Text-to-Speech (TTS) and Voice Conversion (VC) models have exhibited remarkable performance in generating realistic and natural audio. However, their dark side, audio deepfake poses a significant threat to both society and individuals. Existing countermeasures largely focus on determining the genuineness of speech based on complete original audio recordings, which however often contain private content. This oversight may refrain deepfake detection from many applications, particularly in scenarios involving sensitive information like business secrets. In this paper, we propose SafeEar, a novel framework that aims to detect deepfake audios without relying on accessing the speech content within. Our key idea is to devise a neural audio codec into a novel decoupling model that well separates the semantic and acoustic information from audio samples, and only use the acoustic information (e.g., prosody and timbre) for deepfake detection.
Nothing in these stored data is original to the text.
(* Let $p,q\ge2$ with $q-1=d(p-1)$ for a positive integer $d$, and let $j_2:F(q)\to F(p)$ be the homomorphism with $j_2(x_i)=x_i^{d}$. Then $$j_2\circ\phi_q^{\,q-1}=\phi_p^{\,d(p-1)}\circ j_2.$$
   Context: For $r\ge2$, $F(r)$ is the group given by the presentation $\langle x_0,x_1,\dots\mid x_i^{-1}x_jx_i=x_{j+r-1}\ (i<j)\rangle$ (the group of piecewise-linear orientation-preserving homeomorphisms of $[0,1]$ with breakpoints in $\mathbb{Z}[1/r]$ and slopes powers of $r$). The shift map $\phi_r:F(r)\to F(r)$ is the endomorphism with $\phi_r(x_i)=x_{i+1}$ for all $i\ge0$. The assignment $x_i\mapsto x_i^d$ respects the relations and defines an injective homomorphism $j_2:F(q)\to F(p)$. *)

From mathcomp Require Import all_boot monoid.
Set Implicit Arguments. Unset Strict Implicit. Unset Printing Implicit Defensive.
Local Open Scope group_scope.

Definition F_relations (r : nat) (G : groupType) (x : nat -> G) : Prop :=
  forall i j : nat, (i < j)%N -> (x i)^-1 * x j * x i = x (j + r.-1)%N.

(* (G, x) is a presentation of F(r) = < x_0, x_1, ... | x_i^{-1} x_j x_i = x_{j+r-1} (i<j) >:
   the x_i satisfy the relations and (G, x) is universal among groups with such elements
   (every assignment satisfying the relations extends to a unique homomorphism). *)
Definition is_F_presentation (r : nat) (G : groupType) (x : nat -> G) : Prop :=
  F_relations r x /\
  forall (H : groupType) (y : nat -> H), F_relations r y ->
    exists! f : G -> H, monoid_morphism f /\ forall i, f (x i) = y i.

(* Both sides are homomorphisms out of F(q), hence determined by their values
   on the generators x_i.  There the left side gives j2 (x_(i+q-1)) = x_(i+q-1)^d
   and the right side gives phi_p^(d(p-1)) (x_i^d) = x_(i+d(p-1))^d, and these
   agree because q - 1 = d (p - 1). *)
From HB Require Import structures.
From mathcomp Require Import all_boot monoid.
Set Implicit Arguments. Unset Strict Implicit. Unset Printing Implicit Defensive.
Local Open Scope group_scope.

Lemma monoid_morphism_comp (G H K : baseUMagmaType) (f : G -> H) (g : H -> K) :
  monoid_morphism f -> monoid_morphism g -> monoid_morphism (g \o f).
Proof.
move=> [f1 fM] [g1 gM]; split=> [|x y] /=; first by rewrite f1 g1.
by rewrite fM gM.
Qed.

Lemma monoid_morphism_iter (G : baseUMagmaType) (f : G -> G) n :
  monoid_morphism f -> monoid_morphism (iter n f).
Proof.
move=> [f1 fM]; elim: n => [|n [IH1 IHM]]; first by split.
by split=> [|x y] /=; rewrite ?IH1 ?IHM.
Qed.

Section GroupMorphism.

Variables (G H : groupType) (f : G -> H).
Hypothesis fM : monoid_morphism f.
HB.instance Definition _ := isUMagmaMorphism.Build G H f fM.

Lemma monoid_morphismXn n : {morph f : x / x ^+ n}.
Proof. exact: gmulfXn. Qed.

Lemma F_relations_morph r (x : nat -> G) :
  F_relations r x -> F_relations r (f \o x).
Proof. by move=> Rx i j lt_ij; rewrite /= -gmulfV -!gmulfM Rx. Qed.

End GroupMorphism.

Lemma F_presentation_morph_eq r (G H : groupType) (x : nat -> G) (f g : G -> H) :
  is_F_presentation r x -> monoid_morphism f -> monoid_morphism g ->
  (forall i, f (x i) = g (x i)) -> f = g.
Proof.
move=> [Rx univ] fM gM efg.
have [h [_ h_uniq]] := univ H (f \o x) (F_relations_morph fM Rx).
have eq_h k : monoid_morphism k -> (forall i, k (x i) = f (x i)) -> h = k.
  by move=> kM kx; apply: h_uniq.
by rewrite -(eq_h f) // (eq_h g) // => i; rewrite efg.
Qed.

Lemma iter_shift (T : Type) (f : T -> T) (x : nat -> T) n i :
  (forall i, f (x i) = x i.+1) -> iter n f (x i) = x (i + n)%N.
Proof.
move=> fx; elim: n => [|n IHn]; first by rewrite addn0.
by rewrite iterS IHn fx addnS.
Qed.

Theorem proposition13 (p q d : nat) (hp : (2 <= p)%N) (hq : (2 <= q)%N) (hd : (0 < d)%N)
  (hqd : (q - 1 = d * (p - 1))%N)
  (Fp Fq : groupType) (xp : nat -> Fp) (xq : nat -> Fq)
  (HFp : is_F_presentation p xp) (HFq : is_F_presentation q xq)
  (phi_p : Fp -> Fp) (phi_q : Fq -> Fq) (j2 : Fq -> Fp)
  (hphi_p : monoid_morphism phi_p /\ forall i, phi_p (xp i) = xp i.+1)
  (hphi_q : monoid_morphism phi_q /\ forall i, phi_q (xq i) = xq i.+1)
  (hj2 : monoid_morphism j2 /\ forall i, j2 (xq i) = xp i ^+ d) :
  j2 \o iter (q - 1) phi_q = iter (d * (p - 1)) phi_p \o j2.
Proof.
case: hphi_p => phi_pM phi_px; case: hphi_q => phi_qM phi_qx; case: hj2 => j2M j2x.
have iter_phi_pM := monoid_morphism_iter (d * (p - 1)) phi_pM.
apply: (F_presentation_morph_eq HFq).
- exact: monoid_morphism_comp (monoid_morphism_iter _ phi_qM) j2M.
- exact: monoid_morphism_comp j2M iter_phi_pM.
move=> i /=.
by rewrite iter_shift // j2x j2x (monoid_morphismXn iter_phi_pM) iter_shift // hqd.
Qed.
In this way, no semantic content will be exposed to the detector. To overcome the challenge of identifying diverse deepfake audio without semantic clues, we enhance our deepfake detector with real-world codec augmentation. Extensive experiments conducted on four benchmark datasets demonstrate SafeEar's effectiveness in detecting various deepfake techniques with an equal error rate (EER) down to 2.02%. Simultaneously, it shields five-language speech content from being deciphered by both machine and human auditory analysis, demonstrated by word error rates (WERs) all above 93.93% and our user study. Furthermore, our benchmark constructed for anti-deepfake and anti-content recovery evaluation helps provide a basis for future research in the realms of audio privacy preservation and deepfake detection.

查看原文

微信好友朋友圈 QQ好友复制链接

本刊更多论文

SafeEar：内容隐私保护音频深度伪造检测

文本到语音（TTS）和语音转换（VC）模型在生成逼真自然的音频方面表现出了卓越的性能。然而，它们的阴暗面--音频深度伪造对社会和个人都构成了重大威胁。现有的应对措施主要集中在根据完整的原始音频录音来确定语音的原始性，但这些录音往往包含私人内容。这种疏忽可能会导致深度伪造检测无法广泛应用，尤其是在涉及商业机密等敏感信息的场景中。在本文中，我们提出了 SafeEar，这是一个新颖的框架，旨在检测深度伪音频，而无需依赖访问其中的语音内容。我们的主要想法是将神经音频编解码器设计成一个高级解耦模型，该模型能很好地分离音频样本中的语义和声学信息，并仅使用声学信息（如前奏和音色）进行深度伪听检测。这样，就不会有语义内容暴露给检测器。为了克服在没有语义线索的情况下识别各种深度伪造音频的挑战，我们使用真实世界编解码器增强技术来增强我们的深度伪造检测器。在四个基准数据集上进行的广泛实验证明，SafeEar 能有效检测各种深度伪造技术，等效错误率（EER）低至 2.02%。同时，它还能保护五种语言的语音内容不被机器和人类听觉分析破译，词错误率（WER）均高于 93.93%，我们的用户研究也证明了这一点。此外，我们为反深度伪造和反内容恢复评估而构建的基准有助于为音频隐私保护和深度伪造检测领域的未来研究提供基础。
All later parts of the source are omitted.